Lines from the one containing "Definition lazy_schedule (a1" through the last line of the data are to be repeated word for word, both ends included.

____

Lemma lazy_transfer_admissible (a1 a2 b1 b2 S1 S2 : R) :
  0 <= a1 <= 1 -> 0 <= a2 <= 1 -> 0 <= S1 -> 0 <= S2 ->
  transfer_cone a1 a2 (b1 - S1) (b2 - S2) ->
  admissible_transfer a1 a2 b1 b2 S1 S2
    (fst (lazy_transfer a1 a2 b1 b2)) (snd (lazy_transfer a1 a2 b1 b2)).
Proof.
  intros Ha1 Ha2 HS1 HS2 Hc; unfold lazy_transfer.
  destruct (Rlt_dec b1 0) as [Hb1 | Hb1]; [now apply admissible_borrow|].
  destruct (Rlt_dec b2 0) as [Hb2 | Hb2]; simpl.
  - apply admissible_transfer_swap, admissible_borrow; auto.
    destruct Hc; split; lra.
  - destruct Hc as [Hc1 Hc2].
    unfold admissible_transfer, transfer_cone.
    pose proof (Rmax_l 0 (- b1)); pose proof (Rmax_l 0 (- b2)).
    repeat split; lra.
Qed.

Fixpoint lazy_battery (a1 a2 : R) (e1 e2 : nat -> R) (i : nat) : R * R :=
  match i with
  | O => (0, 0)
  | S k =>
    let b1 := fst (lazy_battery a1 a2 e1 e2 k) + e1 (S k) in
    let b2 := snd (lazy_battery a1 a2 e1 e2 k) + e2 (S k) in
    let t := lazy_transfer a1 a2 b1 b2 in
    (b1 - fst t + a2 * snd t, b2 - snd t + a1 * fst t)
  end.

Definition lazy_schedule (a1 a2 : R) (e1 e2 : nat -> R) (i : nat) : R * R :=
  lazy_transfer a1 a2
    (fst (lazy_battery a1 a2 e1 e2 (pred i)) + e1 i)
    (snd (lazy_battery a1 a2 e1 e2 (pred i)) + e2 i).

____

[Written response]
Definition lazy_schedule (a1 a2 : R) (e1 e2 : nat -> R) (i : nat) : R * R :=
  lazy_transfer a1 a2
    (fst (lazy_battery a1 a2 e1 e2 (pred i)) + e1 i)
    (snd (lazy_battery a1 a2 e1 e2 (pred i)) + e2 i).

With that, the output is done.